Review the listing and copy each line that holds the word "reach".

→ INPUT FOR THIS TASK
===

(* Let $(X_j)_{j\in\mathbb{Z}^2}$ be i.i.d. Poisson random variables with mean $\lambda>0$, and let $N_n$ be the greedy lattice animal weight of size $n$. There is a constant $\rho>0$ (not depending on $\lambda$) such that for all $y\ge y_0:=(e^3\lambda)\vee\rho$ and all $n\in\mathbb{N}$, $$\mathbb{P}(N_n>yn)\le e^{-yn}.$$
   Context: A lattice animal is a connected subset of $\mathbb{Z}^2$ (nearest-neighbor connectivity) containing the origin; $A(n)$ is the set of lattice animals with $n$ sites. Given $X:\mathbb{Z}^2\to\mathbb{R}$, the weight of $\mathcal{A}\in A(n)$ is $\sum_{k\in\mathcal{A}}X_k$, and $N_n=\max_{\mathcal{A}\in A(n)}\sum_{k\in\mathcal{A}}X_k$. *)

From Stdlib Require Import Reals ZArith List.
Import ListNotations.
Open Scope R_scope.

Definition site := (Z * Z)%type.
Definition origin : site := (0%Z, 0%Z).
Definition adj (a b : site) : Prop :=
  (Z.abs (fst a - fst b) + Z.abs (snd a - snd b) = 1)%Z.

Inductive reach (A : list site) : site -> Prop :=
| reach_origin : In origin A -> reach A origin
| reach_step : forall a b, reach A a -> In b A -> adj a b -> reach A b.

Definition lattice_animal (n : nat) (A : list site) : Prop :=
  NoDup A /\ length A = n /\ In origin A /\ (forall a, In a A -> reach A a).

Definition weight (X : site -> R) (A : list site) : R :=
  fold_right (fun k s => X k + s) 0 A.

(** "N_n > t", where N_n = max_{A in A(n)} weight X A. *)
Definition Nn_gt (X : site -> R) (n : nat) (t : R) : Prop :=
  exists A, lattice_animal n A /\ weight X A > t.

Definition poisson_pmf (lam : R) (k : nat) : R :=
  exp (- lam) * lam ^ k / INR (fact k).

===

→ SOLUTION TO THIS EXERCISE
Inductive reach (A : list site) : site -> Prop :=
| reach_origin : In origin A -> reach A origin
| reach_step : forall a b, reach A a -> In b A -> adj a b -> reach A b.
  NoDup A /\ length A = n /\ In origin A /\ (forall a, In a A -> reach A a).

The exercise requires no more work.